Title: Re: Questions about building a concrete pier
Post by: MountainDon on April 27, 2012, 01:17:21 PM
From the original post....
Quote from: bob57434 on April 24, 2012, 04:03:45 PM
Hi, I don't have much construction experience and I'm kind of learning as I go. 


Building just about anything can be a rewarding experience. From where we are at this point it is my personal belief that there should be a temporary halt in construction. That should be followed by a review of the plans. There should be plans and not simply ideas in someone's head, IMO. I can not conceive of building anything without having drawings illustrating the project. Maybe it's just me but I draw out pretty much everything I build, be it a simple box or a building. Some of the drawings are simple, some more detailed.

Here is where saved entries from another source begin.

(* Let $f\in C^\infty(\mathbb{R})$ be real-valued, let $a\in\mathbb{R}$ and $g=(aI+\frac{d}{dx})f$, i.e. $g=af+f'$. Then $D^-(N_g,m_g)\ge D^-(N_f,m_f)$. Moreover, for $N\ge2$ and real-valued $f\in C^{N-1}(\mathbb{R})$, the same inequality holds when $m_f$ is replaced by the multiplicity function of the zeros of $f$ of height at most $N$ and $m_g$ by the multiplicity function of the zeros of $g$ of height at most $N-1$.
   Context: For a function $h$, $N_h$ is its set of real zeros and $m_h(x)=\sup\{m:h^{(j)}(x)=0\text{ for }0\le j<m\}$ its multiplicity function. For $h\in C^{K-1}(\mathbb{R})$, the multiplicity function of zeros of height at most $K$ is $x\mapsto\max\{m\le K:h^{(j)}(x)=0\text{ for }0\le j<m\}$. $D^-(N,m)=\liminf_{r\to\infty}\inf_{x\in\mathbb{R}}\frac{1}{2r}\sum_{\lambda\in N\cap[x-r,x+r]}m(\lambda)$. *)

From HB Require Import structures.
From mathcomp Require Import all_boot all_order all_algebra.
From mathcomp Require Import all_classical all_reals all_analysis.
Set Implicit Arguments. Unset Strict Implicit. Unset Printing Implicit Defensive.
Import Order.TTheory GRing.Theory Num.Theory.
Import numFieldNormedType.Exports.
Local Open Scope classical_set_scope.
Local Open Scope ring_scope.

Section Defs.
Variable R : realType.

Definition smooth (f : R -> R) : Prop :=
  forall (n : nat) (x : R), derivable (derive1n n f) x 1.

Definition Ck (k : nat) (f : R -> R) : Prop :=
  (forall (j : nat) (x : R), (j < k)%N -> derivable (derive1n j f) x 1) /\
  continuous (derive1n k f).

Definition zeros (h : R -> R) : set R := [set x | h x = 0].

Definition mult (h : R -> R) (x : R) : \bar R :=
  ereal_sup [set (m%:R)%:E | m in
     [set m : nat | forall j : nat, (j < m)%N -> derive1n j h x = 0]].

Definition mult_le (K : nat) (h : R -> R) (x : R) : \bar R :=
  ereal_sup [set (m%:R)%:E | m in
     [set m : nat | (m <= K)%N /\ forall j : nat, (j < m)%N -> derive1n j h x = 0]].

Definition window_count (N : set R) (m : R -> \bar R) (r x : R) : \bar R :=
  ((2 * r)^-1)%:E * (esum (N `&` [set y : R | (x - r <= y <= x + r)%R]) m).

(* D^-(N,m) = liminf_{r -> oo} inf_x (1/2r) sum ... ,
   with liminf_{r->oo} phi(r) = sup_{r0} inf_{r >= r0} phi(r). *)
Definition lower_density (N : set R) (m : R -> \bar R) : \bar R :=
  ereal_sup [set ereal_inf [set ereal_inf [set window_count N m r x | x in setT]
                           | r in [set r : R | r0 <= r]]
            | r0 in [set r0 : R | 0 < r0]].

End Defs.

From mathcomp Require Import all_boot all_order all_algebra.
From mathcomp Require Import all_classical all_reals all_analysis.
From mathcomp Require Import ring lra.
Import Order.TTheory GRing.Theory Num.Theory.
Import numFieldNormedType.Exports.
Set Implicit Arguments.
Unset Strict Implicit.
Local Open Scope classical_set_scope.
Local Open Scope ring_scope.

(* The identity (e^{ax} f)' = e^{ax} (a f + f') and Rolle's theorem put a zero
   of g = a f + f' strictly between any two zeros of f, while
   g^(j) = a f^(j) + f^(j+1) shows that a zero of f of multiplicity m is a zero
   of g of multiplicity at least m - 1.  Listing the zeros of f in a window in
   increasing order, each loses at most one unit of multiplicity, but each of
   the gaps between consecutive ones contributes a fresh zero of g; so the
   f-count of the window exceeds the g-count by at most 1, which is negligible
   after division by the length 2r. *)

Section TwistedDerivative.
Variables (R : realType) (a : R).

(* The paper's (aI + d/dx) f; it equals e^{-ax} (e^{ax} f)'. *)
Definition twisted_derive1 (f : R -> R) : R -> R := fun x => a * f x + derive1 f x.

Lemma is_derive_expR_mul (f : R -> R) (x : R) : derivable f x 1 ->
  is_derive x 1 (fun y => expR (a * y) * f y) (expR (a * x) * twisted_derive1 f x).
Proof.
move=> /derivableP df.
have dlin : is_derive x 1 ( *%R a) a.
  by rewrite -[X in is_derive _ _ _ X]mulr1; apply: is_deriveZ.
have dexp := is_derive1_comp (is_derive_expR (a * x)) dlin.
apply: is_derive_eq (is_deriveM dexp df) _.
by rewrite /twisted_derive1 derive1E /= /GRing.scale /=; ring.
Qed.

Lemma twisted_derive1_root_between (f : R -> R) (u v : R) :
  (forall x, derivable f x 1) -> u < v -> f u = 0 -> f v = 0 ->
  exists2 t, u < t < v & twisted_derive1 f t = 0.
Proof.
move=> df uv fu fv.
pose h y := expR (a * y) * f y.
have dh x := is_derive_expR_mul (df x : derivable f x 1).
have hcont : {within `[u, v], continuous h}.
  by apply: derivable_within_continuous => x _; case: (dh x).
have [t tuv dht] : exists2 t, t \in `]u, v[ & is_derive t 1 h 0.
  by apply: Rolle => //; rewrite /h fu fv !mulr0.
exists t; first by rewrite in_itv in tuv.
have : 'D_1 h t = 0 by apply: derive_val.
case: (dh t) => _ ->; move/eqP.
by rewrite mulf_eq0 gt_eqF ?expR_gt0 //= => /eqP.
Qed.

Lemma derive1n_twisted (f : R -> R) (K : nat) :
  (forall j x, (j < K)%N -> derivable (derive1n j f) x 1) ->
  forall j, (j < K)%N ->
  derive1n j (twisted_derive1 f) = fun x => a * derive1n j f x + derive1n j.+1 f x.
Proof.
move=> df; elim=> [//|j IH] jK.
rewrite derive1nS IH ?(ltnW jK) //; apply/funext => x.
rewrite [derive1n j.+2 f]derive1nS [derive1n j.+1 f]derive1nS !derive1E.
have /derivableP dj := df j x (ltnW jK).
have /derivableP dj1 := df j.+1 x jK.
have := is_deriveD (is_deriveZ a dj) dj1.
by rewrite -derive1nS; case.
Qed.

End TwistedDerivative.

Section Multiplicity.
Variable R : realType.

Definition vanishes_upto (h : R -> R) (x : R) (m : nat) : Prop :=
  forall j, (j < m)%N -> derive1n j h x = 0.

Lemma vanishes_upto_twisted (a : R) (f : R -> R) (K m : nat) (x : R) :
  (forall j y, (j < K)%N -> derivable (derive1n j f) y 1) -> (m <= K)%N ->
  vanishes_upto f x m.+1 -> vanishes_upto (twisted_derive1 a f) x m.
Proof.
move=> df mK fx j jm.
by rewrite (derive1n_twisted a df (leq_trans jm mK)) (fx j (ltnW jm)) (fx j.+1 jm) mulr0 addr0.
Qed.

Local Open Scope ereal_scope.

Definition nat_sup (A : set nat) : \bar R := ereal_sup [set m%:R%:E | m in A].

Lemma nat_sup_ub (A : set nat) (n : nat) : A n -> n%:R%:E <= nat_sup A.
Proof. by move=> An; apply: ereal_sup_ubound; exists n. Qed.

Lemma nat_sup_le0 (A : set nat) : (forall m, A m -> m = 0%N) -> nat_sup A <= 0.
Proof. by move=> A0; apply: ge_ereal_sup => _ [m /A0 -> <-]. Qed.

Lemma nat_sup_le_succ (A B : set nat) :
  B 0%N -> (forall m, A m.+1 -> B m) -> nat_sup A <= nat_sup B + 1.
Proof.
move=> B0 AB; apply: ge_ereal_sup => _ [[|m] Am <-].
  by apply: adde_ge0 => //; apply: (nat_sup_ub B0).
by rewrite -natr1 EFinD; apply: leeD2r; apply: nat_sup_ub; apply: AB.
Qed.

Lemma multE (h : R -> R) (x : R) : mult h x = nat_sup (vanishes_upto h x).
Proof. by []. Qed.

Lemma mult_leE (K : nat) (h : R -> R) (x : R) :
  mult_le K h x = nat_sup (fun m => (m <= K)%N /\ vanishes_upto h x m).
Proof. by []. Qed.

Lemma mult_ge0 (h : R -> R) (x : R) : 0 <= mult h x.
Proof. by rewrite multE; apply: (@nat_sup_ub _ 0). Qed.

Lemma mult_ge1 (h : R -> R) (x : R) : zeros h x -> 1 <= mult h x.
Proof. by move=> hx; rewrite multE; apply: (@nat_sup_ub _ 1) => -[]. Qed.

Lemma mult_eq0 (h : R -> R) (x : R) : ~ zeros h x -> mult h x = 0.
Proof.
move=> hx; apply/eqP; rewrite eq_le mult_ge0 andbT multE.
by apply: nat_sup_le0 => -[//|m] /(_ 0%N isT).
Qed.

Lemma mult_le_ge0 (K : nat) (h : R -> R) (x : R) : 0 <= mult_le K h x.
Proof. by rewrite mult_leE; apply: (@nat_sup_ub _ 0). Qed.

Lemma mult_le_ge1 (K : nat) (h : R -> R) (x : R) :
  (0 < K)%N -> zeros h x -> 1 <= mult_le K h x.
Proof. by move=> K0 hx; rewrite mult_leE; apply: (@nat_sup_ub _ 1); split => // -[]. Qed.

Lemma mult_le_eq0 (K : nat) (h : R -> R) (x : R) : ~ zeros h x -> mult_le K h x = 0.
Proof.
move=> hx; apply/eqP; rewrite eq_le mult_le_ge0 andbT mult_leE.
by apply: nat_sup_le0 => -[//|m] [_ /(_ 0%N isT)].
Qed.

Lemma mult_twisted (a : R) (f : R -> R) (x : R) :
  smooth f -> mult f x <= mult (twisted_derive1 a f) x + 1.
Proof.
move=> sf; rewrite !multE; apply: nat_sup_le_succ => // m.
by apply: (@vanishes_upto_twisted _ _ m) => // j y _; apply: sf.
Qed.

Lemma mult_le_twisted (N : nat) (a : R) (f : R -> R) (x : R) :
  (forall j y, (j < N.-1)%N -> derivable (derive1n j f) y 1) ->
  mult_le N f x <= mult_le N.-1 (twisted_derive1 a f) x + 1.
Proof.
move=> df; rewrite !mult_leE; apply: nat_sup_le_succ => [|m [mN fx]]; first by split.
have mN1 : (m <= N.-1)%N by rewrite -ltnS (leq_trans mN) ?leqSpred.
by split; last exact: vanishes_upto_twisted df mN1 fx.
Qed.

End Multiplicity.

Section LowerDensity.
Variables (R : realType) (Zf Zg : set R) (mf mg : R -> \bar R) (C : R).
Local Open Scope ereal_scope.
Hypothesis C_ge0 : (0 <= C)%R.
Hypothesis mg_ge0 : forall x, 0 <= mg x.
Hypothesis esum_interval_le : forall c d : R,
  esum (Zf `&` [set y | (c <= y <= d)%R]) mf
  <= esum (Zg `&` [set y | (c <= y <= d)%R]) mg + C%:E.

Lemma window_count_le (r x : R) : (0 < r)%R ->
  window_count Zf mf r x <= window_count Zg mg r x + (C / (2 * r))%:E.
Proof.
move=> r0; rewrite /window_count.
have r2_ge0 : 0 <= ((2 * r)^-1)%:E by rewrite lee_fin invr_ge0 mulr_ge0 // ltW.
apply: le_trans (lee_wpmul2l r2_ge0 (esum_interval_le _ _)) _.
rewrite ge0_muleDr ?lee_fin //; last exact: esum_ge0.
by rewrite -EFinM (mulrC C).
Qed.

Lemma lower_density_le : lower_density Zf mf <= lower_density Zg mg.
Proof.
apply: ge_ereal_sup => _ [r0 /= r00 <-].
apply/lee_addgt0Pr => e e0.
pose r1 := Num.max r0 (C / e)%R.
apply: (@le_trans _ _ (ereal_inf [set ereal_inf [set window_count Zg mg r x | x in setT]
    | r in [set r | (r1 <= r)%R]] + e%:E)); last first.
  by apply: leeD2r; apply: ereal_sup_ubound; exists r1 => //=; rewrite lt_max r00.
rewrite -leeBlDr //; apply: le_ereal_inf_tmp => _ [r /= r1r <-].
apply: le_ereal_inf_tmp => _ [x _ <-].
have [r0r Cer] : (r0 <= r)%R /\ (C / e <= r)%R by apply/andP; rewrite -ge_max.
have r_gt0 : (0 < r)%R := lt_le_trans r00 r0r.
rewrite EFinN leeBlDr //.
apply: (@le_trans _ _ (window_count Zf mf r x)).
  apply: (@le_trans _ _ (ereal_inf [set window_count Zf mf r y | y in setT])).
    by apply: ereal_inf_lbound; exists r.
  by apply: ereal_inf_lbound; exists x.
apply: le_trans (window_count_le x r_gt0) _.
apply: leeD2l; rewrite lee_fin ler_pdivrMr ?mulr_gt0 //.
move: Cer; rewrite ler_pdivrMr // => Cre; nra.
Qed.

End LowerDensity.

Lemma esum_setI_support (R : realType) (T : choiceType) (S D : set T) (m : T -> \bar R) :
  (forall x, ~ S x -> m x = 0%E) -> esum (S `&` D) m = esum D m.
Proof.
move=> m0; rewrite esum_mkcondl; apply: eq_esum => x _.
by case: ifPn => // /negP; rewrite in_setE => /m0.
Qed.

Section Interlacing.
Variables (R : realType) (Zf : set R) (mf mg : R -> \bar R).
Local Open Scope ereal_scope.
Hypothesis mg_ge0 : forall x, 0 <= mg x.
Hypothesis mf_le : forall x, Zf x -> mf x <= mg x + 1.
Hypothesis interlacing : forall u v, Zf u -> Zf v -> (u < v)%R ->
  exists2 t, (u < t < v)%R & 1 <= mg t.

Lemma sum_sorted_le (s : seq R) (x0 d : R) : sorted <%R s -> s != [::] ->
  (forall x, x \in s -> Zf x /\ (x <= d)%R) ->
  exists T : seq R, [/\ uniq T, forall y, y \in T -> (head x0 s <= y <= d)%R &
    \sum_(x <- s) mf x <= \sum_(y <- T) mg y + 1].
Proof.
elim: s => [//|x s IH] /= s_sorted _ s_in.
have [Zx xd] := s_in x (mem_head _ _).
case: s IH s_sorted s_in => [|y s] IH.
  move=> _ _; exists [:: x]; split=> // [z|]; first by rewrite inE => /eqP ->; rewrite lexx.
  by rewrite !big_seq1; apply: mf_le.
move=> /andP[xy ys_sorted] s_in.
have ys_in z : z \in y :: s -> Zf z /\ (z <= d)%R.
  by move=> zin; apply: s_in; rewrite inE zin orbT.
have [T [T_uniq T_in T_sum]] := IH ys_sorted isT ys_in.
have [Zy yd] := ys_in y (mem_head _ _).
have [t /andP[xt ty] mgt] := interlacing Zx Zy xy.
have T_gt : forall z, z \in T -> (t < z)%R && (x < z)%R.
  by move=> z /T_in /andP[yz _]; rewrite (lt_le_trans ty yz) (lt_le_trans xy yz).
exists [:: t, x & T]; split.
- rewrite /= T_uniq inE negb_or gt_eqF //= andbT.
  by apply/andP; split; apply/negP => /T_gt /andP[]; rewrite ltxx.
- move=> z; rewrite !inE => /orP[/eqP->|/orP[/eqP->|/T_in/andP[yz zd]]].
  + by rewrite (ltW xt) (le_trans (ltW ty) yd).
  + by rewrite lexx.
  + by rewrite zd (le_trans (ltW xy)).
- rewrite big_cons; apply: le_trans (leeD (mf_le Zx) T_sum) _.
  rewrite !big_cons addeACA (addeC (mg t)) -[in X in _ <= X]addeA.
  by apply: leeD2l; apply: leeD2r.
Qed.

Lemma esum_interval_le (c d : R) :
  esum (Zf `&` [set y | (c <= y <= d)%R]) mf <= esum [set y | (c <= y <= d)%R] mg + 1.
Proof.
apply: ge_ereal_sup => _ [X [X_fin X_sub] <-].
rewrite fsbig_finite //=.
set s := sort <=%R (finmap.enum_fset (fset_set X)).
rewrite (perm_big s) 1?perm_sym ?perm_sort //.
have s_sorted : sorted <%R s by rewrite sort_lt_sorted finmap.fset_uniq.
have s_in x : x \in s -> (Zf `&` [set y | (c <= y <= d)%R]) x.
  by rewrite mem_sort in_fset_set // in_setE => /X_sub.
have [->|s_nil] := eqVneq s [::].
  by rewrite big_nil adde_ge0 // esum_ge0.
have c_head : (c <= head c s)%R.
  by case: s s_in s_nil {s_sorted} => // h s' /(_ h (mem_head _ _)) [_ /andP[]].
have s_le_d x : x \in s -> Zf x /\ (x <= d)%R by move=> /s_in [Zx /andP[_ xd]].
have [T [T_uniq T_in T_sum]] := sum_sorted_le c s_sorted s_nil s_le_d.
apply: le_trans T_sum _; apply: leeD2r.
apply: esum_ge; exists [set` T]; last by rewrite fsbig_seq.
split; first exact: finite_seq.
by move=> y /T_in /andP[hy yd]; rewrite /= yd andbT (le_trans c_head hy).
Qed.

Lemma lower_density_le_interlacing (Zg : set R) :
  (forall x, ~ Zg x -> mg x = 0) -> lower_density Zf mf <= lower_density Zg mg.
Proof.
move=> mg_supp; apply: (lower_density_le (C := 1)) => // c d.
by rewrite (esum_setI_support _ mg_supp); apply: esum_interval_le.
Qed.

End Interlacing.

Theorem lemma4p8 (R : realType) :
  (forall (f : R -> R) (a : R), smooth f ->
     let g := fun x => a * f x + derive1 f x in
     (lower_density (zeros f) (mult f) <= lower_density (zeros g) (mult g))%E)
  /\
  (forall (N : nat), (2 <= N)%N ->
   forall (f : R -> R) (a : R), Ck N.-1 f ->
     let g := fun x => a * f x + derive1 f x in
     (lower_density (zeros f) (mult_le N f)
        <= lower_density (zeros g) (mult_le N.-1 g))%E).
Proof.
split=> [f a sf | N N2 f a [df _]] /=.
- apply: lower_density_le_interlacing.
  + exact: mult_ge0.
  + by move=> x _; apply: mult_twisted.
  + move=> u v fu fv uv.
    have [t tuv gt] := twisted_derive1_root_between a (fun x => sf 0%N x) uv fu fv.
    by exists t => //; apply: mult_ge1.
  + exact: mult_eq0.
- have N1 : (0 < N.-1)%N by rewrite -ltnS prednK // ltnW.
  apply: lower_density_le_interlacing.
  + exact: mult_le_ge0.
  + by move=> x _; apply: mult_le_twisted.
  + move=> u v fu fv uv.
    have [t tuv gt] := twisted_derive1_root_between a (fun x => df 0%N x N1) uv fu fv.
    by exists t => //; apply: mult_le_ge1.
  + exact: mult_le_eq0.
Qed.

What kind of structure is to be built? Type of roof? Type of walls? Type of floor? Then comes what type of foundation?  Yes think it out backwards first we we have some idea of what we're looking at, what is needed to make this structure just once. Will there be porches or decks? All these parts interact and need to interact safely. There is no point, IMO, of rediscovering the wheel, so to speak, when this has all been done before. Many times it has been done wrong which is a waste of time, effort and materials. Sometimes original errors can be corrected without too much effort. Sometimes they can not be fixed without greater effort and expense. I could point to a few projects that have needed remedial work part way through, but won't embarrass the owner-builders.

Anyhow that is my opinion for what it is worth.
Title: Re: Questions about building a concrete pier
Post by: alex trent on April 27, 2012, 02:06:51 PM
Wow..Arky, some job.....piers for a big place. Looks picture perfect.

Bob..listen to MtnDon. You really do need a plan first.  Look at Arky's stuff and compare to what you are stumbling through.  I was not far ahead of you when I came on here and started.  But..but..but..I did it all well before I started and changed before I pour or nailed anything.  I worked on it for about two months and honestly you have to do a bit of work. Google some on the subjects, get some input and then come on here and ask bout what you PLAN to do, not ask for basic info. Works better the way s you then get real world critique of what you get online.

The early part of my project is a lot better than the latter part because i spent more time planning the early sections and got behind on that later on, so I was doing stuff as I was asking.

You are getting some negative feedback, but don't get discouraged...it gets easier when you draw it out.
Title: Re: Questions about building a concrete pier
Post by: bob57434 on April 27, 2012, 06:26:01 PM
That sounds smart - lol I might not have much of a choice, I think I broke my wrist at work today. d*
Title: Re: Questions about building a concrete pier
Post by: Don_P on April 27, 2012, 08:26:50 PM
Crap!
I've broken 3 of em. If you think you did, you did. It is not a tore down kind of pain. Go get it x rayed tomorrow or you're just grinding things up.
Title: Re: Questions about building a concrete pier
Post by: bob57434 on April 29, 2012, 03:32:05 PM
So the good news is I only sprained my wrist so I won't be out of commission too long. I've been working on my plans, I'm exited to get some feedback on them.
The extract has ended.